The Environmental Protection Agency’s acting inspector general accused top agency officials Thursday of seeking to undermine him.
Acting Inspector General Charles Sheehan, a career official, said in a memo that EPA general counsel Matt Leopold was gravely misrepresenting what EPA officials are required to do to comply with requests from the watchdog office.
“He offers free rein to agency staff to refuse OIG requests for information,” Sheehan wrote, adding Leopold allows the EPA to “decide the bounds” of how much it must work with the inspector general.
Sheehan also said Leopold has suggested the inspector general doesn’t have the right to receive all the information it requests from EPA officials when conducting audits.
Were that interpretation to govern, Sheehan wrote, it would mean the Inspector General Act, which set up watchdog offices at the EPA and other agencies, is “hollowed out,” and EPA Administrator Andrew Wheeler’s hope for a cooperative relationship with the inspector general is “nullified.”
Sheehan’s strongly worded memo is the latest in an escalating back-and-forth between political officials at the agency and the inspector general, an independent office within the agency that investigates waste, fraud, and abuse. Last week, the watchdog office accused EPA chief of staff Ryan Jackson of stonewalling two investigations, at least one of which dates back to the tumultuous tenure of former Administrator Scott Pruitt.

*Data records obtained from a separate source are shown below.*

(* Let $\mathscr{A},\mathscr{B}$ be real Banach spaces and let $p,p'\in(1,+\infty)$ with $1/p+1/p'=1$. Suppose that $(\lambda,\mu)\in(\mathscr{A}^*\oplus_{p'}\mathscr{B}^* )\setminus\{(0,0)\}$ is norming for $(\mathbf{a},\mathbf{b})\in(\mathscr{A}\oplus_p\mathscr{B})\setminus\{(0,0)\}$. Then: 1. If $\mathbf{b}=0$, then $\mu=0$ and $\lambda$ is norming for $\mathbf{a}$. 2. If $\mathbf{a}=0$, then $\lambda=0$ and $\mu$ is norming for $\mathbf{b}$. 3. If $\mathbf{a}\neq0$ and $\mathbf{b}\neq0$, then $\lambda\neq0$, $\mu\neq0$, $\big(1+\|\mathbf{b}\|_{\mathscr{B}}^p/\|\mathbf{a}\|_{\mathscr{A}}^p\big)^{1/p'}\lambda$ is norming for $\mathbf{a}$, and $\big(1+\|\mathbf{a}\|_{\mathscr{A}}^p/\|\mathbf{b}\|_{\mathscr{B}}^p\big)^{1/p'}\mu$ is norming for $\mathbf{b}$.
   Context: For Banach spaces $\mathscr{A},\mathscr{B}$ and $q\in[1,\infty)$, $\mathscr{A}\oplus_q\mathscr{B}$ is the Cartesian product with componentwise operations and norm $\|(\mathbf{a},\mathbf{b})\|=(\|\mathbf{a}\|_{\mathscr{A}}^q+\|\mathbf{b}\|_{\mathscr{B}}^q)^{1/q}$. The dual of $\mathscr{A}\oplus_p\mathscr{B}$ is identified with $\mathscr{A}^*\oplus_{p'}\mathscr{B}^*$ via the pairing $\langle(\mathbf{a},\mathbf{b}),(\lambda,\mu)\rangle=\lambda(\mathbf{a})+\mu(\mathbf{b})$. A functional $\phi$ in the dual of a Banach space $\mathscr{C}$ is norming for a nonzero $\mathbf{c}\in\mathscr{C}$ if $\|\phi\|=1$ and $\phi(\mathbf{c})=\|\mathbf{c}\|_{\mathscr{C}}$. *)

From HB Require Import structures.
From mathcomp Require Import all_boot all_order all_algebra.
From mathcomp Require Import all_classical all_reals all_analysis.
Set Implicit Arguments. Unset Strict Implicit. Unset Printing Implicit Defensive.
Import Order.TTheory GRing.Theory Num.Theory.
Import numFieldNormedType.Exports.
Local Open Scope classical_set_scope.
Local Open Scope ring_scope.

Definition dual_norm {R : realType} {V : normedModType R} (f : V -> R) : R :=
  sup [set `|f x| | x in [set x : V | `|x| <= 1]].

Definition norming {R : realType} {V : normedModType R} (f : V -> R) (c : V) : Prop :=
  dual_norm f = 1 /\ f c = `|c|.

Definition pnorm2 {R : realType} (q s t : R) : R :=
  (s `^ q + t `^ q) `^ q^-1.

(* (lam, mu) in A^* (+)_{p'} B^* is norming for (a, b) in A (+)_p B:
   the p'-norm of (||lam||, ||mu||) is 1 and
   lam a + mu b = (||a||^p + ||b||^p)^(1/p). *)
Definition norming_pair {R : realType} {A B : normedModType R} (p p' : R)
  (lam : A -> R) (mu : B -> R) (a : A) (b : B) : Prop :=
  pnorm2 p' (dual_norm lam) (dual_norm mu) = 1 /\
  lam a + mu b = pnorm2 p `|a| `|b|.

From HB Require Import structures.
From mathcomp Require Import all_boot all_order all_algebra.
From mathcomp Require Import all_classical all_reals all_analysis.
From mathcomp Require Import ring lra.
Import Order.TTheory GRing.Theory Num.Theory.
Import numFieldNormedType.Exports.
Local Open Scope classical_set_scope.
Local Open Scope ring_scope.

Set Implicit Arguments.
Unset Strict Implicit.
Unset Printing Implicit Defensive.

(* Write x = |a|, y = |b|, al = ||lam||, be = ||mu|| and N = (x^p + y^p)^(1/p).
   Then N = lam a + mu b <= al x + be y, while Young's inequality applied to
   (x/N, al) and (y/N, be) gives al x + be y <= N.  Hence lam a = al x,
   mu b = be y, and both Young inequalities are equalities, which forces
   (x/N)^p = al^p' and (y/N)^p = be^p'.  The first identity says that the
   rescaling factor (1 + y^p/x^p)^(1/p') = (N^p/x^p)^(1/p') is exactly 1/al. *)

Section PowR.
Variable R : realType.
Implicit Types (a b p q s t w x y : R).

Lemma expR_convex_eq w x y : 0 < w < 1 ->
  w * expR x + (1 - w) * expR y = expR (w * x + (1 - w) * y) -> x = y.
Proof.
move=> /andP[w_gt0 w_lt1]; set m := w * x + (1 - w) * y => heq.
have expR_shift z : expR z = expR m * expR (z - m) by rewrite -expRD addrC subrK.
have tangent z : expR m * (1 + (z - m)) <= expR z.
  by rewrite [expR z]expR_shift ler_pM2l ?expR_gt0 // expR_ge1Dx.
have xm : x = m.
  apply/eqP/negPn/negP => x_neq_m.
  have tangent_x : expR m * (1 + (x - m)) < expR x.
    by rewrite [expR x]expR_shift ltr_pM2l ?expR_gt0 // expR_gt1Dx // subr_eq0.
  have tangent_y := tangent y.
  (* the weighted mean of the two tangent values is expR m, contradicting heq *)
  have : w * (expR m * (1 + (x - m))) + (1 - w) * (expR m * (1 + (y - m)))
         = expR m by rewrite /m; ring.
  nra.
have : (1 - w) * y = (1 - w) * x by move: xm; rewrite /m; lra.
by move/mulfI => -> //; rewrite subr_eq0 gt_eqF.
Qed.

Lemma conjugate_powR_eq a b p q : 0 <= a -> 0 <= b -> 0 < p -> 0 < q ->
  p^-1 + q^-1 = 1 -> a * b = a `^ p / p + b `^ q / q -> a `^ p = b `^ q.
Proof.
move=> a_ge0 b_ge0 p_gt0 q_gt0 pq.
have [->|a_neq0] := eqVneq a 0.
  rewrite mul0r powR0 ?gt_eqF // mul0r add0r => /esym /eqP.
  by rewrite mulf_eq0 invr_eq0 (gt_eqF q_gt0) orbF => /eqP ->.
have [->|b_neq0] := eqVneq b 0.
  rewrite mulr0 powR0 ?gt_eqF // mul0r addr0 => /esym /eqP.
  by rewrite mulf_eq0 invr_eq0 (gt_eqF p_gt0) orbF => /eqP ->.
have a_gt0 : 0 < a by rewrite lt0r a_neq0.
have b_gt0 : 0 < b by rewrite lt0r b_neq0.
rewrite /powR (negbTE a_neq0) (negbTE b_neq0) => heq.
congr expR; apply: (@expR_convex_eq p^-1).
  by rewrite invr_gt0 p_gt0 -pq ltrDl invr_gt0.
have -> : 1 - p^-1 = q^-1 by lra.
by rewrite !mulKf ?gt_eqF // expRD !lnK ?posrE // heq; ring.
Qed.

Lemma powRVK x q : 0 <= x -> q != 0 -> (x `^ q^-1) `^ q = x.
Proof. by move=> x_ge0 q_neq0; rewrite -powRrM mulVf // powRr1. Qed.

Lemma powR_div x y p : 0 <= x -> 0 < y -> (x / y) `^ p = x `^ p / y `^ p.
Proof.
move=> x_ge0 y_gt0; rewrite powRM // ?invr_ge0 ?ltW //.
by rewrite -powR_inv1 ?ltW // -powRrM mulN1r powRN.
Qed.

Lemma pnorm2_powR q s t : q != 0 -> pnorm2 q s t `^ q = s `^ q + t `^ q.
Proof. by move=> q_neq0; rewrite powRVK // addr_ge0 ?powR_ge0. Qed.

Lemma pnorm2C q s t : pnorm2 q s t = pnorm2 q t s.
Proof. by rewrite /pnorm2 addrC. Qed.

Section Hoelder2.
Variables (p q : R).
Hypotheses (p_gt0 : 0 < p) (q_gt0 : 0 < q) (pq : p^-1 + q^-1 = 1).
Variables (u v s t : R).
Hypotheses (u_ge0 : 0 <= u) (v_ge0 : 0 <= v) (s_ge0 : 0 <= s) (t_ge0 : 0 <= t).
Hypotheses (uv1 : u `^ p + v `^ p = 1) (st1 : s `^ q + t `^ q = 1).

Let young_sum :
  u `^ p / p + s `^ q / q + (v `^ p / p + t `^ q / q) = 1.
Proof.
have -> : u `^ p / p + s `^ q / q + (v `^ p / p + t `^ q / q) =
  (u `^ p + v `^ p) / p + (s `^ q + t `^ q) / q by ring.
by rewrite uv1 st1 !mul1r.
Qed.

Lemma hoelder2 : u * s + v * t <= 1.
Proof.
have young_us := conjugate_powR u_ge0 s_ge0 p_gt0 q_gt0 pq.
have young_vt := conjugate_powR v_ge0 t_ge0 p_gt0 q_gt0 pq.
have sum_young := young_sum.
lra.
Qed.

Lemma hoelder2_eq : u * s + v * t = 1 -> u `^ p = s `^ q /\ v `^ p = t `^ q.
Proof.
move=> sum1.
have young_us := conjugate_powR u_ge0 s_ge0 p_gt0 q_gt0 pq.
have young_vt := conjugate_powR v_ge0 t_ge0 p_gt0 q_gt0 pq.
have sum_young := young_sum.
by split; apply: conjugate_powR_eq => //; lra.
Qed.

End Hoelder2.
End PowR.

Section DualNorm.
Variables (R : realType) (V : normedModType R) (f : V -> R) (r : R).
Hypothesis f_le : forall x, `|f x| <= r * `|x|.

Lemma dual_norm_has_sup : has_sup [set `|f x| | x in [set x : V | `|x| <= 1]].
Proof.
split; first by exists `|f 0|, 0 => //=; rewrite normr0.
exists `|r| => _ [x /= x_le1 <-].
rewrite (le_trans (f_le x)) // (le_trans (ler_norm _)) // normrM normr_id.
by rewrite ler_piMr.
Qed.

Lemma dual_norm_ge0 : 0 <= dual_norm f.
Proof.
apply: (le_trans (normr_ge0 (f 0))); apply: (sup_upper_bound dual_norm_has_sup).
by exists 0 => //=; rewrite normr0.
Qed.

Lemma ler_dual_norm : (forall c x, f (c *: x) = c * f x) ->
  forall z, `|f z| <= dual_norm f * `|z|.
Proof.
move=> fZ z; have [->|z_neq0] := eqVneq z 0.
  by rewrite -(scale0r 0) fZ mul0r scale0r !normr0 mulr0.
have z_gt0 : 0 < `|z| by rewrite normr_gt0.
have -> : `|f z| = `|f (`|z|^-1 *: z)| * `|z|.
  by rewrite fZ normrM normfV normr_id mulrAC mulVf ?mul1r // gt_eqF.
rewrite ler_pM2r //.
apply: (sup_upper_bound dual_norm_has_sup); exists (`|z|^-1 *: z) => //=.
by rewrite normrZ normfV normr_id mulVf ?gt_eqF.
Qed.

End DualNorm.

Lemma dual_normZ (R : realType) (V : normedModType R) (f : V -> R) (r c : R) :
  (forall x, `|f x| <= r * `|x|) -> 0 < c ->
  dual_norm (fun x => c * f x) = c * dual_norm f.
Proof.
move=> f_le c_gt0; have f_sup := dual_norm_has_sup f_le.
have cf_le x : `|c * f x| <= c * r * `|x|.
  by rewrite normrM gtr0_norm // -mulrA ler_pM2l.
have cf_sup := dual_norm_has_sup cf_le.
apply/eqP; rewrite eq_le; apply/andP; split.
  apply: ge_sup; first by case: cf_sup.
  move=> _ [x /= x_le1 <-]; rewrite normrM gtr0_norm // ler_pM2l //.
  by apply: (sup_upper_bound f_sup); exists x.
rewrite -ler_pdivlMl //; apply: ge_sup; first by case: f_sup.
move=> _ [x /= x_le1 <-]; rewrite ler_pdivlMl //.
have -> : c * `|f x| = `|c * f x| by rewrite normrM gtr0_norm.
by apply: (sup_upper_bound cf_sup); exists x.
Qed.

Lemma continuous_linear_le_dual_norm (R : realType) (V : normedModType R)
    (f : {linear V -> R^o}) :
  continuous (f : V -> R) -> forall z, `|f z| <= dual_norm (f : V -> R) * `|z|.
Proof.
move=> f_cont; have /(linear_boundedP f).1 := continuous_linear_bounded 0 (f_cont 0).
move=> /pinfty_ex_gt0[r _ f_le]; apply: (ler_dual_norm f_le) => c x.
exact: linearZ.
Qed.

Lemma norming_pairC (R : realType) (A B : normedModType R) (p p' : R)
    (lam : A -> R) (mu : B -> R) (a : A) (b : B) :
  norming_pair p p' lam mu a b -> norming_pair p p' mu lam b a.
Proof. by rewrite /norming_pair addrC pnorm2C [pnorm2 p _ _]pnorm2C. Qed.

Section NormingPair.
Variables (R : realType) (A B : normedModType R) (p p' : R).
Hypotheses (p_gt1 : 1 < p) (p'_gt1 : 1 < p') (pp' : p^-1 + p'^-1 = 1).
Variables (lam : {linear A -> R^o}) (mu : {linear B -> R^o}).
Hypotheses (lam_cont : continuous (lam : A -> R)) (mu_cont : continuous (mu : B -> R)).
Variables (a : A) (b : B).
Hypotheses (ab_neq0 : ~ (a = 0 /\ b = 0)) (lm_norming : norming_pair p p' lam mu a b).

Local Notation al := (dual_norm (lam : A -> R)).
Local Notation be := (dual_norm (mu : B -> R)).
Let N := pnorm2 p `|a| `|b|.

Let p_gt0 : 0 < p. Proof. exact: lt_trans ltr01 p_gt1. Qed.
Let p'_gt0 : 0 < p'. Proof. exact: lt_trans ltr01 p'_gt1. Qed.
Let lam_le := continuous_linear_le_dual_norm lam_cont.
Let mu_le := continuous_linear_le_dual_norm mu_cont.
Let al_ge0 := dual_norm_ge0 lam_le.
Let be_ge0 := dual_norm_ge0 mu_le.

Let N_powR : N `^ p = `|a| `^ p + `|b| `^ p.
Proof. by rewrite pnorm2_powR ?gt_eqF. Qed.

Let N_gt0 : 0 < N.
Proof.
apply: powR_gt0; have [a0|a_neq0] := eqVneq a 0.
  have b_neq0 : b != 0 by apply/eqP => b0; apply: ab_neq0.
  by rewrite ltr_pwDr ?powR_ge0 // powR_gt0 ?normr_gt0.
by rewrite ltr_pwDl ?powR_ge0 // powR_gt0 ?normr_gt0.
Qed.

Let norming_pair_equality :
  lam a = al * `|a| /\ (`|a| / N) `^ p = al `^ p'.
Proof.
have [hal hsum] := lm_norming; fold N in hsum.
have al_be1 : al `^ p' + be `^ p' = 1 by rewrite -pnorm2_powR ?gt_eqF // hal powR1.
have uv1 : (`|a| / N) `^ p + (`|b| / N) `^ p = 1.
  by rewrite !powR_div // -mulrDl -N_powR divff // gt_eqF // powR_gt0.
have u_ge0 : 0 <= `|a| / N by rewrite divr_ge0 ?normr_ge0 ?ltW.
have v_ge0 : 0 <= `|b| / N by rewrite divr_ge0 ?normr_ge0 ?ltW.
have scaled : `|a| / N * al + `|b| / N * be = (al * `|a| + be * `|b|) / N.
  by rewrite mulrDl; ring.
have sum_le : al * `|a| + be * `|b| <= N.
  rewrite -[N]mul1r -ler_pdivrMr // -scaled.
  by have := hoelder2 p_gt0 p'_gt0 pp' u_ge0 v_ge0 al_ge0 be_ge0 uv1 al_be1.
have lam_a := le_trans (ler_norm _) (lam_le a).
have mu_b := le_trans (ler_norm _) (mu_le b).
have sum_eq : al * `|a| + be * `|b| = N by lra.
have sum1 : `|a| / N * al + `|b| / N * be = 1.
  by rewrite scaled sum_eq divff // gt_eqF.
split; first lra.
by have [] := hoelder2_eq p_gt0 p'_gt0 pp' u_ge0 v_ge0 al_ge0 be_ge0 uv1 al_be1 sum1.
Qed.

Lemma norming_pair_eq0 : a = 0 -> (lam : A -> R) = fun=> 0.
Proof.
move=> a0; have [_] := norming_pair_equality.
rewrite a0 normr0 mul0r powR0 ?gt_eqF // => /esym /powR_eq0_eq0 al0.
by apply: funext => z; apply/eqP; rewrite -normr_le0 -(mul0r `|z|) -al0.
Qed.

Lemma norming_pair_norming : a != 0 ->
  norming (fun x : A => (1 + `|b| `^ p / `|a| `^ p) `^ p'^-1 * lam x) a.
Proof.
move=> a_neq0; have [lam_a hu] := norming_pair_equality.
have ap_gt0 : 0 < `|a| `^ p by rewrite powR_gt0 ?normr_gt0.
have K_gt0 : 0 < 1 + `|b| `^ p / `|a| `^ p.
  by rewrite ltr_pwDl // divr_ge0 ?powR_ge0.
set c := _ `^ p'^-1.
have c_gt0 : 0 < c by rewrite powR_gt0.
have c_al : c * al = 1.
  apply: (powR_injective p'_gt0); rewrite ?nnegrE ?(mulr_ge0 (ltW c_gt0)) //=.
  rewrite powR1 powRM ?(ltW c_gt0) // /c powRVK ?ltW ?gt_eqF //.
  rewrite -hu powR_div // N_powR.
  by field; rewrite !gt_eqF //; apply: ltr_pwDl; rewrite ?powR_ge0.
split; first by rewrite (dual_normZ lam_le c_gt0).
by rewrite lam_a mulrA c_al mul1r.
Qed.

Lemma norming_pair_neq0 : a != 0 -> (lam : A -> R) <> fun=> 0.
Proof.
move=> a_neq0 lam0; have [_] := norming_pair_norming a_neq0.
by rewrite lam0 mulr0 => /esym /normr0_eq0 /eqP; rewrite (negbTE a_neq0).
Qed.

Lemma norming_pair_norming_of_eq0 : b = 0 -> norming lam a.
Proof.
move=> b0; have a_neq0 : a != 0 by apply/eqP => a0; apply: ab_neq0.
have := norming_pair_norming a_neq0.
rewrite b0 normr0 powR0 ?gt_eqF // mul0r addr0 powR1.
by under eq_fun do rewrite mul1r.
Qed.

End NormingPair.

Theorem proposition3p1 (R : realType) (A B : completeNormedModType R)
  (p p' : R) (hp : 1 < p) (hp' : 1 < p') (hpp' : p^-1 + p'^-1 = 1)
  (lam : {linear A -> R^o}) (mu : {linear B -> R^o})
  (lam_cont : continuous (lam : A -> R)) (mu_cont : continuous (mu : B -> R))
  (a : A) (b : B)
  (hlm : ~ ((lam : A -> R) = (fun=> 0) /\ (mu : B -> R) = (fun=> 0)))
  (hab : ~ (a = 0 /\ b = 0))
  (hnorm : norming_pair p p' lam mu a b) :
  (b = 0 -> (mu : B -> R) = (fun=> 0) /\ norming lam a) /\
  (a = 0 -> (lam : A -> R) = (fun=> 0) /\ norming mu b) /\
  (a != 0 -> b != 0 ->
     (lam : A -> R) <> (fun=> 0) /\ (mu : B -> R) <> (fun=> 0) /\
     norming (fun x : A => (1 + `|b| `^ p / `|a| `^ p) `^ p'^-1 * lam x) a /\
     norming (fun y : B => (1 + `|a| `^ p / `|b| `^ p) `^ p'^-1 * mu y) b).
Proof.
have hba : ~ (b = 0 /\ a = 0) by case=> b0 a0; apply: hab.
have hnormC := norming_pairC hnorm.
split; [|split].
- move=> b0; split.
    exact: (norming_pair_eq0 hp hp' hpp' mu_cont lam_cont hba hnormC b0).
  exact: (norming_pair_norming_of_eq0 hp hp' hpp' lam_cont mu_cont hab hnorm b0).
- move=> a0; split.
    exact: (norming_pair_eq0 hp hp' hpp' lam_cont mu_cont hab hnorm a0).
  exact: (norming_pair_norming_of_eq0 hp hp' hpp' mu_cont lam_cont hba hnormC a0).
- move=> a_neq0 b_neq0; split; [|split; [|split]].
  + exact: (norming_pair_neq0 hp hp' hpp' lam_cont mu_cont hab hnorm a_neq0).
  + exact: (norming_pair_neq0 hp hp' hpp' mu_cont lam_cont hba hnormC b_neq0).
  + exact: (norming_pair_norming hp hp' hpp' lam_cont mu_cont hab hnorm a_neq0).
  + exact: (norming_pair_norming hp hp' hpp' mu_cont lam_cont hba hnormC b_neq0).
Qed.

The inspector general’s office has said Jackson is refusing to reveal how he received testimony from an independent EPA science adviser ahead of a 2017 congressional hearing.
Jackson has been accused by Democratic lawmakers, including House Science Committee Chairwoman Eddie Bernice Johnson of Texas, of pressuring that science adviser, Deborah Swackhamer, who at the time led the EPA’s Board of Scientific Counselors, to change her testimony. The inspector general’s office opened an investigation into the incident in 2017 at the request of Johnson and other Democratic lawmakers.
The inspector general has also said Jackson rejected meetings with the office’s staff for an interview.
Wheeler and Leopold, however, have staunchly defended Jackson. Leopold, in a memo of his own on Tuesday, said Jackson and other EPA officials have attempted to set up meetings with the inspector general since the office raised concerns.
The EPA also released a chain of emails in which Jackson accused staffers from the watchdog office of harassing his assistant to demand a meeting and trying to trap him in a “bait-and-switch” during an interview.
“The fact that you cannot and will not provide the subject of what you want to meet with me about is unprofessional, and I’m not participating,” Jackson wrote in one of the emails released, an Oct. 9 email to Craig Ulmer, deputy assistant inspector general for investigations. “Unless you have further substantive information, do not contact me further.”
It isn’t clear yet whether the back-and-forth will increase pressure on Trump EPA officials from Democrats on the Hill. Trump’s nominee for inspector general, Sean O’Donnell, is pending in the Senate, and he appears to have bipartisan support.
Sen. Tom Carper, the top Democrat on the Senate Environment and Public Works Committee, is looking to be a potential mediator in the dispute between the EPA and the inspector general.
In a statement to the Washington Examiner, he encouraged the watchdog office to be “clearer about what it needs from EPA so that EPA officials can comply accordingly.” Carper also urged EPA officials “to be cooperative and responsive with the IG so that the IG can do its job.”